# How long to keep adding wood



## Top2MP (Jul 5, 2008)

Smoking my first pork shoulder (4 lbs) today.  So far everything looks and smells great.  I am using Meowey's basic method (thanks, Meowey).  I have a GOSM propane smoker and took the advice from last thread to cut back on the fuel.

My question is it's going on three hours now and I have added hickory chips once to keep the thin blue smoke going.  I have heard that after the first couple of hours, adding smoke doesn't add any more flavor.  Is that true?  If not, how much more smoking should I do?  Maybe until I foil it at 165?

Thanks for any advice.


----------



## packplantpath (Jul 5, 2008)

Depends on how strong you want it.  If the wood is there smoking, it is adding flavor, even after the meat reaches temp.  So, I recommend doing smoke half the time, then stopping.  Next time, adjust according to your taste.


----------



## packplantpath (Jul 5, 2008)

Just finished reading your post.  Yea, I'd foil around 165, and keeping wood smoke to that point won't hurt.  It's a nice reference point.  

Keep in mind, some charcoal has a more smoky flavor than others.  I've found the BGE brand to be very strong, Royal Oak, not so much.  Course, I can't afford BGE coal, and only used it once.


----------



## tn_bbq (Jul 5, 2008)

The meat will receive the greatest amount of smoke flavor during the first few hours (or first half of your smoking).  After that, the smoke effect is pretty much diminished.  
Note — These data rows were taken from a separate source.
(* Write the coefficients of d as the values of e at the rows of C; since
   squaring is additive, a nonzero v with v C = 0 is isotropic for d. *)
Lemma aniso_size_le (d e : seq F) : aniso d ->
  (forall i, (i < size d)%N -> represents e d`_i) -> (size d <= size e)%N.
Proof.
move=> an rep; rewrite leqNgt; apply/negP => lt_ed.
have [C rowC] : exists C : 'M[F]_(size d, size e),
    forall i, qval e (rowf (row i C)) = d`_i.
  have /fin_all_exists[c qc] (i : 'I_(size d)) :
      exists v : 'rV[F]_(size e), qval e (rowf v) = d`_i.
    have [f <-] := rep i (ltn_ord i); exists (\row_(k < size e) f k).
    by apply: eq_qval => k lt_k; rewrite rowf_row.
  by exists (\matrix_i c i) => i; rewrite rowK qc.
have /rowV0Pn[v /sub_kermxP vC] : kermx C != 0.
  rewrite -mxrank_eq0 mxrank_ker subn_eq0 -ltnNge.
  exact: leq_ltn_trans (rank_leq_col C) lt_ed.
apply/negP; rewrite negbK; apply/eqP/rowf_eq0/an.
have -> : qval d (rowf v) = qval e (rowf (v *m C)).
  rewrite -qval_mulmx [qval d _]/qval big_mkord; apply: eq_bigr => i _.
  by rewrite rowC rowfE.
rewrite vC; apply: qval_zero_on => i _.
by rewrite /rowf; case: insub => // k; rewrite mxE.
Qed.

Lemma pfister_index_unique (d : seq F) r1 r2 :
  pfister_index d r1 -> pfister_index d r2 -> r1 = r2.
Proof.
have le_size r r' (b b' : seq F) : anisotropic (pfister b) ->
    isometric d (pfister (nseq r 1 ++ b)) ->
    isometric d (pfister (nseq r' 1 ++ b')) -> (size b <= size b')%N.
  move=> /anisotropicP an iso iso'; rewrite -(@leq_exp2l 2) // -!size_pfister.
  apply: aniso_size_le an _ => i lt_i.
  apply/(represents_pfister_ones ch2 r'); apply: isometric_represents iso' _.
  apply: isometric_represents (isometric_sym iso) _.
  exact/(represents_pfister_ones ch2 r)/represents_nth.
case=> [b1 [_ [an1 iso1]]] [b2 [_ [an2 iso2]]].
have eb : size b1 = size b2.
  apply/eqP; rewrite eqn_leq (le_size _ _ _ _ an1 iso1 iso2).
  exact: le_size an2 iso2 iso1.
case: iso1 iso2 => [s1 _] [s2 _]; move: s2; rewrite s1.
by rewrite !size_pfister !size_cat !size_nseq eb => /(expnI (ltnSn 1)) /addIn.
Qed.

End IndexUniqueness.

Unset Implicit Arguments.
Set Strict Implicit.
You might want to go with one or two cycles of wood and then scale it back.


----------



## Top2MP (Jul 5, 2008)

Thanks to everyone for the great advice.  I stopped at about 145.  It's been 6 hours and its at 154, so I think it will turn out great.  I'm spraying with 3 to 1 apple juice to Cpt Morgan's Spiced Rum.  If I can figure it out, you'll have a Q View in a few hours.


----------



## travcoman45 (Jul 5, 2008)

I add wood to completion er foilin.  Ain't had no complaints yet.  Like ken says, yer smoke ring will stop in the neighborhood a 140*


----------



## Top2MP (Jul 5, 2008)

Okay, It's been 9 1/2 hours for a 4 lb pork shouldre and it is at 177.  I sthat normal?


----------



## ddave (Jul 5, 2008)

Depends on what you mean by "normal".  From what I have read here, you are fine -- just keep your smoker at the same temp and wait it out.  I have only done one -- a 5.6 pounder -- and it took almost 9 hours to get to 165 then I moved it to the oven because I was having issues with the wind.
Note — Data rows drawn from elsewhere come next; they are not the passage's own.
Lemma rel_ap_of_runs b m L c : ap2 Q F a b m -> runs Q f m L c -> rel_ap Q f w1 b c.
Proof.
  intros [w [Hw Hm]] [Hret Hask]. exists L. split.
  - intros i Hi. destruct (Hask i (nth i L b)) as (v & z & y & Hz & Hv & Hy & Hf).
    { now apply nth_error_nth'. }
    destruct (is_code_total Q (b :: firstn i L)) as [X HX].
    pose proof HX as (z' & p & Hz' & Hp & HXp)%is_code_cons_inv.
    rewrite (is_code_fun Q _ _ _ Hz' Hz) in Hp.
    exists v, X, y. repeat split; [exact HX | exact Hv | | exact Hf].
    apply Hw1. apply (eval_let Q [a; X]) with (a := y).
    + econstructor; [econstructor; [econstructor; [constructor | lookup | exact Hw] | |] | |].
      * eapply eval_hd; [lookup | exact Hp | exact HXp].
      * exact Hm.
      * eapply eval_tl; [lookup | exact Hp | exact HXp].
      * exact Hy.
    + apply eval_if_false; [eapply eval_p0; [lookup | exact Hv]|].
      apply eval_var. reflexivity.
  - destruct (is_code_total Q (b :: L)) as [X HX].
    pose proof HX as (z & p & Hz & Hp & HXp)%is_code_cons_inv.
    rewrite <- (app_nil_r L) in Hz.
    destruct (Hret _ _ Hz) as (z' & q & y & _ & Hq & Hy & Hzy).
    destruct (pairv_total Q (pT Q) c) as [W HW].
    exists X, W. repeat split; [exact HX | exact HW |].
    apply Hw1. apply (eval_let Q [a; X]) with (a := y).
    + econstructor; [econstructor; [econstructor; [constructor | lookup | exact Hw] | |] | |].
      * eapply eval_hd; [lookup | exact Hp | exact HXp].
      * exact Hm.
      * eapply eval_tl; [lookup | exact Hp | exact HXp].
      * exact Hzy.
    + apply eval_if_true; [eapply eval_p0; [lookup | exact Hy]|].
      eapply eval_pair; [constructor | | exact HW].
      eapply eval_hd; [lookup | exact Hq | exact Hy].
Qed.

End Runner.

Lemma applicative_of_ap_computable (R : A -> A -> A -> Prop) :
  ap_computable Q f R -> applicative R (rel_ap Q f) (@eq A).
Proof.
  intros [F HF]. destruct (abstraction_exists Q 1 (runBody F)) as [RUN HRUN].
  destruct (abstraction_exists Q 0 (pairT Q (C (pT Q)) (Ap (C RUN) (hdT Q (V 0))))) as [R0 HR0].
  split; [eauto|]. exists R0. intros a b c ? ? Hc <- <-.
  destruct (HRUN a) as [w1 [Hw1 Hw1']].
  destruct (HF _ _ _ Hc) as [m [Hm [L HL]]].
  destruct (is_code_total Q [a]) as [X HX]. destruct (pairv_total Q (pT Q) w1) as [W HW].
  exists w1, c. repeat split; [| exact (rel_ap_of_runs F a w1 Hw1' b m L c Hm HL)].
  apply (rel_ap_intro _ _ _ _ _ X W HX HW). apply HR0.
  eapply eval_pair; [constructor | | exact HW].
  econstructor; [constructor | eapply eval_code_hd; [lookup | exact HX] | exact Hw1].
Qed.

End ComputableToApplicative.

Section RelativePca.
Context {A : Type} (P : pca_str A) (g : A -> option A) (Pg : pca_str A)
  (HPg : forall a b c, ap Pg a b c <-> rel_ap P g a b c).

Lemma rel_pca_embeds : exists e, forall a b c, ap P a b c -> ap2 Pg e a b c.
Proof.
  set (body := pairT P (C (pT P)) (Ap (hdT P (V 0)) (hdT P (V 1)))).
  destruct (abstraction_exists P 0 (pairT P (C (pT P)) (lam P 1 body))) as [E HE].
  exists E. intros a b c Hc.
  destruct (is_code_total P [a]) as [X HX].
  destruct (eval_lam P (env P [X]) 1 body) as [e1 [He1 He1']].
  destruct (pairv_total P (pT P) e1) as [W HW].
  exists e1. split; apply HPg.
  - apply (rel_ap_intro _ _ _ _ _ X W HX HW). apply HE.
    eapply eval_pair; [constructor | exact He1 | exact HW].
  - destruct (is_code_total P [b]) as [Y HY]. destruct (pairv_total P (pT P) c) as [W' HW'].
    apply (rel_ap_intro _ _ _ _ _ Y W' HY HW'). apply He1'.
    eapply eval_pair; [constructor | | exact HW'].
    econstructor; [| | exact Hc]; eapply eval_code_hd; try eassumption; lookup.
Qed.

Lemma rel_pca_realizes_oracle : exists G, forall v u, g v = Some u -> ap Pg G v u.
Proof.
  destruct (abstraction_exists P 0 (tif P (p0T P (tlT P (V 0)))
    (pairT P (C (pF P)) (hdT P (V 0))) (pairT P (C (pT P)) (hdT P (tlT P (V 0)))))) as [G HG].
  exists G. intros v u Hu. apply HPg. exists [u]. split.
  - intros [|i] Hi; cbn in Hi; [|lia].
    destruct (is_code_total P [v]) as [X HX]. destruct (pairv_total P (pF P) v) as [W HW].
    exists v, X, W. repeat split; [exact HX | exact HW | | exact Hu]. apply HG.
    destruct (eval_code_tl P (env P [X]) (V 0) X v [] (eval_V _ _ _) HX) as [z [Hz Hzev]].
    apply eval_if_true; [exact (eval_isnil P _ _ _ Hzev Hz)|].
    eapply eval_pair; [constructor | | exact HW].
    eapply eval_code_hd; [lookup | exact HX].
  - destruct (is_code_total P [v; u]) as [X HX]. destruct (pairv_total P (pT P) u) as [W HW].
    exists X, W. repeat split; [exact HX | exact HW |]. apply HG.
    destruct (eval_code_tl P (env P [X]) (V 0) X v [u] (eval_V _ _ _) HX) as [z [Hz Hzev]].
    apply eval_if_false; [exact (eval_iscons P _ _ _ _ _ Hzev Hz)|].
    eapply eval_pair; [constructor | | exact HW].
    eapply eval_code_hd; [exact Hzev | exact Hz].
Qed.

End RelativePca.

Lemma rel_swap_applicative {A} (P : pca_str A) (f g : A -> option A) (Pf Pg : pca_str A)
    (HPf : forall a b c, ap Pf a b c <-> rel_ap P f a b c)
    (HPg : forall a b c, ap Pg a b c <-> rel_ap P g a b c) :
  applicative (rel_ap Pf g) (rel_ap Pg f) (@eq A).
Proof.
  destruct (rel_pca_embeds P g Pg HPg) as [e He].
  destruct (rel_pca_realizes_oracle P g Pg HPg) as [G HG].
  apply applicative_of_ap_computable, ap_computable_rel;
    [|exact (fun_computable_of_realized Pg f g G HG)].
  apply (ap_computable_ext _ _ (rel_ap P f)); [intros; now apply HPf|].
  apply ap_computable_rel; [exact (ap_computable_of_realized Pg f (ap P) e He)|].
  apply fun_computable_oracle.
Qed.

Lemma pca_iso_of_identity {A} (apA apB : appl A) :
  applicative apA apB (@eq A) -> applicative apB apA (@eq A) -> pca_iso apA apB.
Proof.
  intros HAB HBA. exists (@eq A), (@eq A).
  split; [exact HAB | split; [exact HBA | split]];
    intros a x; (split; [intros [b [-> ->]]; reflexivity | intros ->; eauto]).
Qed.

Theorem mainTheorem4 (A : Type) (P : pca_str A) (f g : A -> option A)
    (Pf Pg : pca_str A)
    (HPf : forall a b c, ap Pf a b c <-> rel_ap P f a b c)
    (HPg : forall a b c, ap Pg a b c <-> rel_ap P g a b c) :
  pca_iso (rel_ap Pf g) (rel_ap Pg f).
Proof.
  apply pca_iso_of_identity.
  - exact (rel_swap_applicative P f g Pf Pg HPf HPg).
  - exact (rel_swap_applicative P g f Pg Pf HPg HPf).
Qed.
Again, I think you are fine.  Grab a cool beverage and make yourself comfortable.  It will be worth the wait. 
	

	
	
		
		



		
		
	


	





Dave


----------



## Top2MP (Jul 5, 2008)

Thanks.  That's exactly what I did...moved it to the oven in foil.  Up to 190 and counting.


----------



## richoso1 (Jul 5, 2008)

You won't get any more smoke ring after about 140, but you can continue to add smoke flavoring beyond that temp. I don't use wood while in the foil mode, I don't benefit from it.


----------



## Top2MP (Jul 6, 2008)

I would like to share my photos of the completed shoulder, but get an error message saying my file is too big.  Unfortunately I have HP software and cannot find where to reduce the size.  Any ideas?


----------



## ronp (Jul 6, 2008)

See if this works for you.

http://postimage.org/


----------



## Top2MP (Jul 6, 2008)

Thanks.  Ok, I uploaded them, now how do I add them to this posting?


----------



## Top2MP (Jul 6, 2008)

I hope this works.  













Yea!  It worked!  Thanks Ron P!


----------